### How to complete this task
Between the line containing "rewrite /matches RRy;" and the line containing "move/(subsetP Hsub): (signatureP Hle');" lies a run of lines; give that run again exactly, with both of those lines, and nothing else from the entries below.

(Stored data)
(* The base point v matches x when every signature entry (f (R x p), i) of x,
   transported to v as f (v p), is realised as f (R v q) by some q with
   R v <= R (q g_i); the second clause does the same for the entries with
   R x <= R (g_i), comparing with f v itself. *)
Definition matches (v x : I) : Prop :=
  (forall p i, below (R x) (R (p ** g i)) ->
     exists q, below (R v) (R (q ** g i)) /\ f (R v ** q) = f (v ** p)) /\
  (forall i, below (R x) (R (g i)) ->
     exists q, below (R v) (R (q ** g i)) /\ f (R v ** q) = f v).

Definition range_stable (x : I) : Prop :=
  forall v, matches v x -> R (v ** x) = R v.

Lemma range_stable_mul a b :
  range_stable a -> range_stable b -> range_stable (a ** b).
Proof.
move=> Sa Sb v [Hp H1].
have Rva : R (v ** a) = R v.
  apply: Sa; split => [p i Hle | i Hle].
  - exact: Hp (below_trans (R_mul_below a b) Hle).
  - exact: H1 (below_trans (R_mul_below a b) Hle).
rewrite mulA -Rva; apply: Sb; rewrite /matches Rva; split => [p i Hle | i Hle].
- by rewrite -mulA; apply: Hp; rewrite -mulA; exact: below_R_mull.
- by apply: Hp; exact: below_R_mull.
Qed.

(* For a generator, the second clause yields q with R v q = v, whence
   R (v g_i) = R v R (q g_i) = R v. *)
Lemma range_stable_gen i : range_stable (g i).
Proof.
move=> v [_ H1].
have [q [Hq Hfq]] := H1 i (R_idem (g i)).
have Hqv : below (R v) (R q) := below_trans Hq (R_mul_below q (g i)).
have RvE : R (R v ** q) = R v := below_R (R_idem v) Hqv.
have vE : R v ** q = v := eq_compatible RvE (compatible_of_f Hfq).
by rewrite -{1}vE -mulA; exact: below_R (R_idem v) Hq.
Qed.

(* For an inverse generator, the first clause with p = g_i^-1 yields q
   with R v q g_i = v, whence R (v g_i^-1) = R (R v q g_i) = R v. *)
Lemma range_stable_gen_inv i : range_stable (inv (g i)).
Proof.
move=> v [Hp _]; set gi := g i.
have Hle : below (R (inv gi)) (R (inv gi ** gi)).
  by rewrite R_inv -/(D gi) R_D; exact: D_idem.
have [q [Hq Hfq]] := Hp (inv gi) i Hle.
have RvE : R (R v ** q ** gi) = R v by rewrite -mulA; exact: below_R (R_idem v) Hq.
have Hc : idem (inv v ** (R v ** q ** gi)).
  apply: fP; rewrite /idempotent_el.
  have -> : f (inv v ** (R v ** q ** gi)) = f (D v ** D gi).
    by rewrite fM (fM (R v ** q)) Hfq /D !fM ?mulJA.
  exact: f_idem (idem_mul (D_idem _) (D_idem _)).
by rewrite -(eq_compatible RvE Hc) R_mul_inv.
Qed.

Lemma generated_range_stable x :
  generated mul g x -> range_stable x /\ range_stable (inv x).
Proof.
elim=> [i | x1 y1 _ [Sx Sxi] _ [Sy Syi] | x1 y1 _ [Sx Sxi] Hinv].
- by split; [exact: range_stable_gen | exact: range_stable_gen_inv].
- by split; [exact: range_stable_mul | rewrite invM; exact: range_stable_mul].
- by rewrite -(inv_uniq Hinv) invK; split.
Qed.

Definition prop_bool (P : Prop) : bool :=
  if excluded_middle_informative P then true else false.

Lemma prop_boolP P : prop_bool P = true <-> P.
Proof. by rewrite /prop_bool; case: excluded_middle_informative. Qed.

Definition signature x : {set J * 'I_k} :=
  [set ji | prop_bool (exists p, below (R x) (R (p ** g ji.2))
                                 /\ f (R x ** p) = ji.1)].

Lemma signatureP x p i :
  below (R x) (R (p ** g i)) -> (f (R x ** p), i) \in signature x.
Proof. by move=> Hle; rewrite inE; apply/prop_boolP; exists p. Qed.

(* If f x = f y and Sig x is contained in Sig y, then R y matches x;
   range stability of x then gives R (R y x) = R y, i.e. R y <= R x. *)
Lemma signature_sub_below x y : generated mul g x -> f x = f y ->
  signature x \subset signature y -> below (R y) (R x).
Proof.
move=> Hgx Hxy Hsub.
have fRxy := f_R Hxy.
have RRy : R (R y) = R y by rewrite /R (inv_idem (R_idem y)) (R_idem y).
have Hm : matches (R y) x.
  rewrite /matches RRy; split => [p i Hle | i Hle].
  - move/(subsetP Hsub): (signatureP Hle); rewrite inE => /prop_boolP [q [Hq Hfq]].
    by exists q; split => //; rewrite Hfq fM fRxy -fM.
  - have Hle' : below (R x) (R (R x ** g i)).
      by rewrite (R_idem_mul _ (R_idem x)) /below mulA (R_idem x) Hle.
    move/(subsetP Hsub): (signatureP Hle'); rewrite inE => /prop_boolP [q [Hq Hfq]].
    by exists q; split => //; rewrite Hfq (R_idem x) fRxy.
have := proj1 (generated_range_stable Hgx) (R y) Hm.
by rewrite RRy /below (R_idem_mul _ (R_idem y)).
Qed.

Lemma signature_inj x y : generated mul g x -> generated mul g y ->
  f x = f y -> signature x = signature y -> x = y.
Proof.
move=> Hgx Hgy Hxy HS.
have Hyx : below (R y) (R x).
  by apply: (signature_sub_below Hgx Hxy); rewrite HS subxx.
have Hxy' : below (R x) (R y).
  by apply: (signature_sub_below Hgy (esym Hxy)); rewrite HS subxx.
have HR : R x = R y by rewrite -Hxy' (idem_comm (R_idem x) (R_idem y)) Hyx.
exact: eq_compatible HR (compatible_of_f Hxy).
Qed.

(* Every generated element lies below some R (p g_i), so its signature is
   nonempty. *)
Definition anchored z := exists p i, below (R z) (R (p ** g i)).

Lemma anchored_mul x y : anchored x -> anchored (x ** y).
Proof.
by move=> [p [i Hle]]; exists p, i; exact: below_trans (R_mul_below x y) Hle.
Qed.

Lemma generated_anchored x :
  generated mul g x -> anchored x /\ anchored (inv x).
Proof.
elim=> [i | x1 y1 _ [Ax Axi] _ [Ay Ayi] | x1 y1 _ [Ax Axi] Hinv].
- split.
  + exists (R (g i)), i; rewrite {2}/R mulKV; exact: R_idem.
  + exists (inv (g i)), i; rewrite R_inv -/(D (g i)) R_D; exact: D_idem.
- by split; [exact: anchored_mul | rewrite invM; exact: anchored_mul].
- by rewrite -(inv_uniq Hinv) invK; split.
Qed.

Lemma signature_neq0 x : generated mul g x -> signature x != set0.
Proof.
move=> /generated_anchored [[p [i Hle]] _]; apply/set0Pn.
by exists (f (R x ** p), i); exact: signatureP.
Qed.

End IdempotentPure.
End InverseSemigroup.

Lemma NoDup_length_le_card (X : Type) (T : finType) (A : {pred T})
    (h : X -> T) (s : list X) :
  injective h -> (forall x, h x \in A) -> List.NoDup s -> List.length s <= #|A|.
Proof.
move=> h_inj hA Hs.
have In_of_map a l : h a \in map h l -> List.In a l.
  elim: l => //= b l IH; rewrite in_cons => /orP [/eqP /h_inj -> | /IH];
    by [left | right].
have uniq_hs : uniq (map h s).
  elim: Hs => //= a l a_notin _ ->; rewrite andbT.
  by apply/negP => /In_of_map.
have -> : List.length s = size (map h s) by rewrite size_map; elim: s {Hs uniq_hs}.
rewrite -(card_uniqP uniq_hs); apply: subset_leq_card.
apply/subsetP => t; elim: s {Hs uniq_hs} => //= x s IH.
by rewrite in_cons => /orP [/eqP -> | /IH].
Qed.

Lemma card_nonempty_pairs (J T : finType) :
  #|[set t : J * {set T} | t.2 != set0]| = #|J| * (2 ^ #|T| - 1).
Proof.
have -> : [set t : J * {set T} | t.2 != set0] = setX [set: J] [set~ set0].
  by apply/setP => -[a b]; rewrite !inE.
by rewrite cardsX cardsT cardsC1 -[#|{set T}|]cardsT -powersetT card_powerset cardsT subn1.
Qed.

Theorem corollary3 (I : Type) (mulI : I -> I -> I) (k : nat) (g : 'I_k -> I)
  (J : finType) (mulJ : J -> J -> J) (n : nat) (f : I -> J) :
  inverse_semigroup mulI ->
  generates mulI g ->
  associative_op mulJ ->
  #|J| = n ->
  is_morphism mulI mulJ f ->
  (forall y : J, exists x : I, f x = y) ->
  idempotent_pure mulI mulJ f ->
  forall s : list I, List.NoDup s -> List.length s <= n * (2 ^ (k * n) - 1).
Proof.
move=> invS gen mulJA cardJ fM _ fP s Hs.
pose code x := (f x, signature invS f g x).
have code_inj : injective code.
  by move=> x y [Hf HS]; exact: (signature_inj mulJA fM fP (gen x) (gen y) Hf HS).
have code_in x : code x \in [set t : J * {set J * 'I_k} | t.2 != set0].
  by rewrite inE; exact: signature_neq0 (gen x).
apply: leq_trans (NoDup_length_le_card code_inj code_in Hs) _.
by rewrite card_nonempty_pairs card_prod card_ord cardJ (mulnC n k).
Qed.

### Output
  rewrite /matches RRy; split => [p i Hle | i Hle].
  - move/(subsetP Hsub): (signatureP Hle); rewrite inE => /prop_boolP [q [Hq Hfq]].
    by exists q; split => //; rewrite Hfq fM fRxy -fM.
  - have Hle' : below (R x) (R (R x ** g i)).
      by rewrite (R_idem_mul _ (R_idem x)) /below mulA (R_idem x) Hle.
    move/(subsetP Hsub): (signatureP Hle'); rewrite inE => /prop_boolP [q [Hq Hfq]].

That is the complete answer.